### Exercise instructions
Using the records below, quote only the span that opens with the line containing "Definition path_adj (m" and closes with the line containing "(* The lattice", exactly and inclusively.

┌─ Records supplied

(* Let $R$ be an (irreducible) ADE lattice of rank $n\ge 9$. Then $U\oplus R$ contains a sublattice isometric to $U\oplus E_8$.
   Context: Lattices are even, integral, non-degenerate. $U$ denotes the even unimodular hyperbolic lattice of rank 2 (Gram matrix $\begin{pmatrix}0&1\\1&0\end{pmatrix}$). ADE lattices $A_n$ ($n\ge1$), $D_n$ ($n\ge4$), $E_6,E_7,E_8$ are the negative definite root lattices whose Gram matrix, in the standard basis of roots $r_1,\dots,r_n$, is $-1$ times the Cartan matrix of the corresponding Dynkin diagram (so $r_i^2=-2$, $r_i.r_j=1$ if $i\ne j$ are adjacent, $0$ otherwise). *)

(* Even lattices are encoded by integer Gram matrices. *)
From mathcomp Require Import all_boot all_order all_algebra.
Set Implicit Arguments. Unset Strict Implicit. Unset Printing Implicit Defensive.
Import GRing.Theory Num.Theory.
Local Open Scope ring_scope.

Inductive ADE_type := A_ of nat | D_ of nat | E6 | E7 | E8.

Definition ADE_rank (t : ADE_type) : nat :=
  match t with A_ n => n | D_ n => n | E6 => 6 | E7 => 7 | E8 => 8 end.

Definition ADE_valid (t : ADE_type) : bool :=
  match t with A_ n => (1 <= n)%N | D_ n => (4 <= n)%N | _ => true end.

Definition path_adj (m i j : nat) : bool :=
  [&& (i < m)%N, (j < m)%N & ((i.+1 == j) || (j.+1 == i))].

(* Adjacency of the Dynkin diagram, nodes 0 .. rank-1:
   A_n : path 0-1-...-(n-1);
   D_n : path 0-...-(n-2), plus node n-1 attached to node n-3;
   E_n : path 0-...-(n-2), plus node n-1 attached to node 2. *)
Definition ADE_adj (t : ADE_type) (i j : nat) : bool :=
  match t with
  | A_ n => path_adj n i j
  | D_ n => path_adj n.-1 i j ||
            ((i == n.-1) && (j == n - 3)%N) || ((j == n.-1) && (i == n - 3)%N)
  | E6 => path_adj 5 i j || ((i == 5%N) && (j == 2%N)) || ((j == 5%N) && (i == 2%N))
  | E7 => path_adj 6 i j || ((i == 6%N) && (j == 2%N)) || ((j == 6%N) && (i == 2%N))
  | E8 => path_adj 7 i j || ((i == 7%N) && (j == 2%N)) || ((j == 7%N) && (i == 2%N))
  end.

(* Gram matrix = - Cartan matrix (negative definite). *)
Definition ADE_gram (t : ADE_type) : 'M[int]_(ADE_rank t) :=
  \matrix_(i, j) (if i == j then (-2)%R
                  else if ADE_adj t i j then 1%R else 0%R).

Definition U_gram : 'M[int]_2 :=
  \matrix_(i, j) (if i == j then 0%R else 1%R).

Definition osum (m n : nat) (A : 'M[int]_m) (B : 'M[int]_n) : 'M[int]_(m + n) :=
  block_mx A 0 0 B.

(* The lattice with Gram matrix G contains a sublattice isometric to the lattice
   with Gram matrix H: there are k vectors (rows of X, in coordinates of the
   basis of the first lattice) whose Gram matrix is H and which are linearly
   independent (so they form a basis of a sublattice isometric to H). *)
Definition contains_isometric (n k : nat) (G : 'M[int]_n) (H : 'M[int]_k) : Prop :=
  exists X : 'M[int]_(k, n),
    X *m G *m X^T = H /\ row_free (map_mx (fun z : int => z%:~R : rat) X).

(* The first seven simple roots of A_9 (or D_9) form the long path of the E_8
   diagram; the branch root of E_8 and a hyperbolic pair can then be chosen as
   integer combinations of U and the roots, giving explicit Gram-preserving
   witnesses for U + E_8 in U + A_9 and in U + D_9, checked by computation.
   Since U + E_8 is unimodular, such vectors are automatically independent.
   For n >= 9 the first nine nodes of A_n, and for n >= 10 those of D_n, span
   an A_9 subdiagram, so U + A_9 sits in U + R on a subset of the basis. *)
From mathcomp Require Import all_boot all_order all_algebra zify.
Import GRing.Theory.
Local Open Scope ring_scope.

Section Sublattices.

Local Notation ratmx := (map_mx (fun z : int => z%:~R : rat)).

Lemma row_free_gram_unit k n (X : 'M[int]_(k, n)) (G : 'M[int]_n) :
  ratmx (X *m G *m X^T) \in unitmx -> row_free (ratmx X).
Proof.
move=> /mxrank_unit rk_gram; rewrite /row_free eqn_leq rank_leq_row /=.
by rewrite -[X in (X <= _)%N]rk_gram !map_mxM -mulmxA mxrankM_maxl.
Qed.

Lemma contains_isometric_unimodular k n (G : 'M[int]_n) (H K : 'M[int]_k)
    (X : 'M[int]_(k, n)) :
  X *m G *m X^T = H -> H *m K = 1%:M -> contains_isometric G H.
Proof.
move=> gramX HK; exists X; split => //; apply: (@row_free_gram_unit _ _ _ G).
rewrite gramX; have [] // := @mulmx1_unit _ _ (ratmx H) (ratmx K).
by rewrite -map_mxM HK map_mx1.
Qed.

(* The sublattice spanned by some of the basis vectors has Gram matrix
   [mxsub f f G]; its vectors are the rows of [rowsub f 1%:M]. *)
Lemma contains_isometric_mxsub k m n (f : 'I_m -> 'I_n) (G : 'M[int]_n)
    (H : 'M[int]_k) :
  injective f -> contains_isometric (mxsub f f G) H -> contains_isometric G H.
Proof.
move=> inj_f [X [gramX freeX]].
pose E : 'M[int]_(m, n) := rowsub f 1%:M.
have gramE : E *m G *m E^T = mxsub f f G.
  by apply/matrixP => i j; rewrite trmx_mxsub trmx1 mulmx_colsub mulmx1
    -rowsubE !mxE.
have EEt : E *m E^T = 1%:M.
  by apply/matrixP => i j; rewrite trmx_mxsub trmx1 mulmx_colsub mulmx1 !mxE
    (inj_eq inj_f).
exists (X *m E); split.
  by rewrite trmx_mul -!mulmxA [E *m _]mulmxA [E *m G *m _]mulmxA gramE !mulmxA.
rewrite /row_free map_mxM mxrankMfree //; apply/row_freeP.
by exists (ratmx E^T); rewrite -map_mxM EEt map_mx1.
Qed.

Lemma contains_isometric_lead k m n (le_mn : (m <= n)%N) (G : 'M[int]_n)
    (H : 'M[int]_k) :
  contains_isometric (mxsub (widen_ord le_mn) (widen_ord le_mn) G) H ->
  contains_isometric G H.
Proof. by apply: contains_isometric_mxsub => i j /(congr1 val) /= /val_inj. Qed.

End Sublattices.

Definition mxfun m n (f : nat -> nat -> int) : 'M[int]_(m, n) :=
  \matrix_(i, j) f i j.

Definition nsum n (F : nat -> int) : int :=
  foldr (fun j s => F j + s) 0 (iota 0 n).

Definition eq_on_box m n (f g : nat -> nat -> int) : bool :=
  all (fun i => all (fun j => f i j == g i j) (iota 0 n)) (iota 0 m).

Lemma nsumE n F : nsum n F = \sum_(j < n) F j.
Proof. by rewrite -(big_mkord xpredT F) /index_iota subn0 unlock. Qed.

Lemma mxfun_mul m n p f g :
  mxfun m n f *m mxfun n p g =
  mxfun m p (fun i k => nsum n (fun j => f i j * g j k)).
Proof.
by apply/matrixP => i k; rewrite !mxE nsumE; apply: eq_bigr => j _; rewrite !mxE.
Qed.

Lemma trmx_mxfun m n f : (mxfun m n f)^T = mxfun n m (fun i j => f j i).
Proof. by apply/matrixP => i j; rewrite !mxE. Qed.

Lemma scalar1_mxfun n : 1%:M = mxfun n n (fun i j => (i == j)%:R).
Proof. by apply/matrixP => i j; rewrite !mxE. Qed.

Lemma mxsub_widen_mxfun m n (le_mn : (m <= n)%N) f :
  mxsub (widen_ord le_mn) (widen_ord le_mn) (mxfun n n f) = mxfun m m f.
Proof. by apply/matrixP => i j; rewrite !mxE. Qed.

Lemma eq_mxfun m n f g : eq_on_box m n f g -> mxfun m n f = mxfun m n g.
Proof.
move=> /allP box; apply/matrixP => i j; rewrite !mxE.
have /allP row_i : all (fun j => f i j == g i j) (iota 0 n).
  by apply: box; rewrite mem_iota ltn_ord.
by apply/eqP/row_i; rewrite mem_iota ltn_ord.
Qed.

Definition U_ADE_gram_fun (t : ADE_type) (i j : nat) : int :=
  if (i < 2)%N && (j < 2)%N then (if i == j then 0 else 1)
  else if (2 <= i)%N && (2 <= j)%N then
    (if i == j then -2 else if ADE_adj t (i - 2) (j - 2) then 1 else 0)
  else 0.

Lemma osum_U_ADE_gramE t :
  osum U_gram (ADE_gram t) = mxfun _ _ (U_ADE_gram_fun t).
Proof.
apply/matrixP => i j; rewrite /osum /U_ADE_gram_fun [RHS]mxE.
rewrite -[i]splitK -[j]splitK.
case: (split i) => i'; case: (split j) => j' /=;
  rewrite ?block_mxEul ?block_mxEur ?block_mxEdl ?block_mxEdr !mxE /=.
- by rewrite !ltn_ord.
- rewrite ltn_ord /=; have := ltn_ord i'; do 2?case: ifP => //; lia.
- have := ltn_ord j'; do 2?case: ifP => //; lia.
- by rewrite eqn_add2l !addKn.
Qed.

Lemma path_adj_lead k n i j : (k <= n)%N -> (i < k)%N -> (j < k)%N ->
  path_adj n i j = path_adj k i j.
Proof. by move=> le_kn ik jk; rewrite /path_adj ik jk !(leq_trans _ le_kn). Qed.

Lemma ADE_adj_D_lead k n i j : (k < n)%N -> (i < k)%N -> (j < k)%N ->
  ADE_adj (D_ n) i j = ADE_adj (A_ k) i j.
Proof.
move=> lt_kn ik jk /=; rewrite (@path_adj_lead k) //; last by lia.
by rewrite !(@ltn_eqF _ n.-1) ?orbF //; lia.
Qed.

Lemma U_ADE_gram_fun_lead t t0 a c :
  (forall i j, (i < ADE_rank t0)%N -> (j < ADE_rank t0)%N ->
     ADE_adj t i j = ADE_adj t0 i j) ->
  (a < 2 + ADE_rank t0)%N -> (c < 2 + ADE_rank t0)%N ->
  U_ADE_gram_fun t a c = U_ADE_gram_fun t0 a c.
Proof.
move=> adj_lead a_lt c_lt; rewrite /U_ADE_gram_fun.
by case: ifP => // _; case: ifP => // /andP[a_ge c_ge]; rewrite adj_lead //; lia.
Qed.

Lemma contains_isometric_U_ADE_lead k t t0 (H : 'M[int]_k) :
  (ADE_rank t0 <= ADE_rank t)%N ->
  (forall i j, (i < ADE_rank t0)%N -> (j < ADE_rank t0)%N ->
     ADE_adj t i j = ADE_adj t0 i j) ->
  contains_isometric (osum U_gram (ADE_gram t0)) H ->
  contains_isometric (osum U_gram (ADE_gram t)) H.
Proof.
move=> le_rank adj_lead; rewrite !osum_U_ADE_gramE => sub0.
have le2 : (2 + ADE_rank t0 <= 2 + ADE_rank t)%N by rewrite leq_add2l.
apply: (@contains_isometric_lead _ _ _ le2); rewrite mxsub_widen_mxfun.
set m := (2 + ADE_rank t0)%N in sub0 *.
suff -> : mxfun m m (U_ADE_gram_fun t) = mxfun m m (U_ADE_gram_fun t0) by [].
by apply/matrixP => a c; rewrite !mxE; apply: U_ADE_gram_fun_lead.
Qed.

Definition seq_mx m n (s : seq (seq int)) : 'M[int]_(m, n) :=
  mxfun m n (fun i j => nth 0 (nth [::] s i) j).

(* Coordinates: the hyperbolic pair of U, then the simple roots of R. *)
Definition U_E8_in_U_A9 : seq (seq int) :=
  [:: [:: -3; -27; -2; -4; -6; -8; -10; -12; -14; -16; -9];
      [:: -3; -28; -2; -4; -6; -8; -10; -12; -14; -16; -10];
      [:: 0; 0; 1; 0; 0; 0; 0; 0; 0; 0; 0];
      [:: 0; 0; 0; 1; 0; 0; 0; 0; 0; 0; 0];
      [:: 0; 0; 0; 0; 1; 0; 0; 0; 0; 0; 0];
      [:: 0; 0; 0; 0; 0; 1; 0; 0; 0; 0; 0];
      [:: 0; 0; 0; 0; 0; 0; 1; 0; 0; 0; 0];
      [:: 0; 0; 0; 0; 0; 0; 0; 1; 0; 0; 0];
      [:: 0; 0; 0; 0; 0; 0; 0; 0; 1; 0; 0];
      [:: 1; 8; 0; 0; 0; 1; 2; 3; 4; 5; 3]].

Definition U_E8_in_U_D9 : seq (seq int) :=
  [:: [:: -2; -3; -1; -2; -3; -4; -5; -6; -7; -3; -5];
      [:: -3; -6; -2; -4; -6; -8; -10; -12; -14; -7; -9];
      [:: 0; 0; 1; 0; 0; 0; 0; 0; 0; 0; 0];
      [:: 0; 0; 0; 1; 0; 0; 0; 0; 0; 0; 0];
      [:: 0; 0; 0; 0; 1; 0; 0; 0; 0; 0; 0];
      [:: 0; 0; 0; 0; 0; 1; 0; 0; 0; 0; 0];
      [:: 0; 0; 0; 0; 0; 0; 1; 0; 0; 0; 0];
      [:: 0; 0; 0; 0; 0; 0; 0; 1; 0; 0; 0];
      [:: 0; 0; 0; 0; 0; 0; 0; 0; 1; 0; 0];
      [:: 1; 2; 0; 0; 0; 1; 2; 3; 4; 2; 3]].

Definition U_E8_gram_inv : seq (seq int) :=
  [:: [:: 0; 1; 0; 0; 0; 0; 0; 0; 0; 0];
      [:: 1; 0; 0; 0; 0; 0; 0; 0; 0; 0];
      [:: 0; 0; -4; -7; -10; -8; -6; -4; -2; -5];
      [:: 0; 0; -7; -14; -20; -16; -12; -8; -4; -10];
      [:: 0; 0; -10; -20; -30; -24; -18; -12; -6; -15];
      [:: 0; 0; -8; -16; -24; -20; -15; -10; -5; -12];
      [:: 0; 0; -6; -12; -18; -15; -12; -8; -4; -9];
      [:: 0; 0; -4; -8; -12; -10; -8; -6; -3; -6];
      [:: 0; 0; -2; -4; -6; -5; -4; -3; -2; -3];
      [:: 0; 0; -5; -10; -15; -12; -9; -6; -3; -8]].

Lemma U_E8_gram_invP :
  osum U_gram (ADE_gram E8) *m seq_mx 10 10 U_E8_gram_inv = 1%:M.
Proof.
by rewrite osum_U_ADE_gramE mxfun_mul scalar1_mxfun; apply: eq_mxfun; vm_compute.
Qed.

Lemma U_A9_contains_U_E8 :
  contains_isometric (osum U_gram (ADE_gram (A_ 9))) (osum U_gram (ADE_gram E8)).
Proof.
apply: (@contains_isometric_unimodular _ _ _ _ _ (seq_mx 10 11 U_E8_in_U_A9) _
  U_E8_gram_invP).
rewrite !osum_U_ADE_gramE trmx_mxfun !mxfun_mul.
by apply: eq_mxfun; vm_compute.
Qed.

Lemma U_D9_contains_U_E8 :
  contains_isometric (osum U_gram (ADE_gram (D_ 9))) (osum U_gram (ADE_gram E8)).
Proof.
apply: (@contains_isometric_unimodular _ _ _ _ _ (seq_mx 10 11 U_E8_in_U_D9) _
  U_E8_gram_invP).
rewrite !osum_U_ADE_gramE trmx_mxfun !mxfun_mul.
by apply: eq_mxfun; vm_compute.
Qed.

Theorem proposition2p1 (R : ADE_type) :
  ADE_valid R -> (9 <= ADE_rank R)%N ->
  contains_isometric (osum U_gram (ADE_gram R)) (osum U_gram (ADE_gram E8)).
Proof.
case: R => [n|n|||] //= _ le9n.
- apply: (@contains_isometric_U_ADE_lead _ (A_ n) (A_ 9)) U_A9_contains_U_E8 => //.
  by move=> i j; apply: path_adj_lead.
- have [lt9n | le_n9] := ltnP 9 n; last first.
    have -> : n = 9%N by lia.
    exact: U_D9_contains_U_E8.
  apply: (@contains_isometric_U_ADE_lead _ (D_ n) (A_ 9)) U_A9_contains_U_E8 => //.
  by move=> i j; apply: ADE_adj_D_lead.
Qed.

└─

### Problem solution
Definition path_adj (m i j : nat) : bool :=
  [&& (i < m)%N, (j < m)%N & ((i.+1 == j) || (j.+1 == i))].

(* Adjacency of the Dynkin diagram, nodes 0 .. rank-1:
   A_n : path 0-1-...-(n-1);
   D_n : path 0-...-(n-2), plus node n-1 attached to node n-3;
   E_n : path 0-...-(n-2), plus node n-1 attached to node 2. *)
Definition ADE_adj (t : ADE_type) (i j : nat) : bool :=
  match t with
  | A_ n => path_adj n i j
  | D_ n => path_adj n.-1 i j ||
            ((i == n.-1) && (j == n - 3)%N) || ((j == n.-1) && (i == n - 3)%N)
  | E6 => path_adj 5 i j || ((i == 5%N) && (j == 2%N)) || ((j == 5%N) && (i == 2%N))
  | E7 => path_adj 6 i j || ((i == 6%N) && (j == 2%N)) || ((j == 6%N) && (i == 2%N))
  | E8 => path_adj 7 i j || ((i == 7%N) && (j == 2%N)) || ((j == 7%N) && (i == 2%N))
  end.

(* Gram matrix = - Cartan matrix (negative definite). *)
Definition ADE_gram (t : ADE_type) : 'M[int]_(ADE_rank t) :=
  \matrix_(i, j) (if i == j then (-2)%R
                  else if ADE_adj t i j then 1%R else 0%R).

Definition U_gram : 'M[int]_2 :=
  \matrix_(i, j) (if i == j then 0%R else 1%R).

Definition osum (m n : nat) (A : 'M[int]_m) (B : 'M[int]_n) : 'M[int]_(m + n) :=
  block_mx A 0 0 B.

(* The lattice with Gram matrix G contains a sublattice isometric to the lattice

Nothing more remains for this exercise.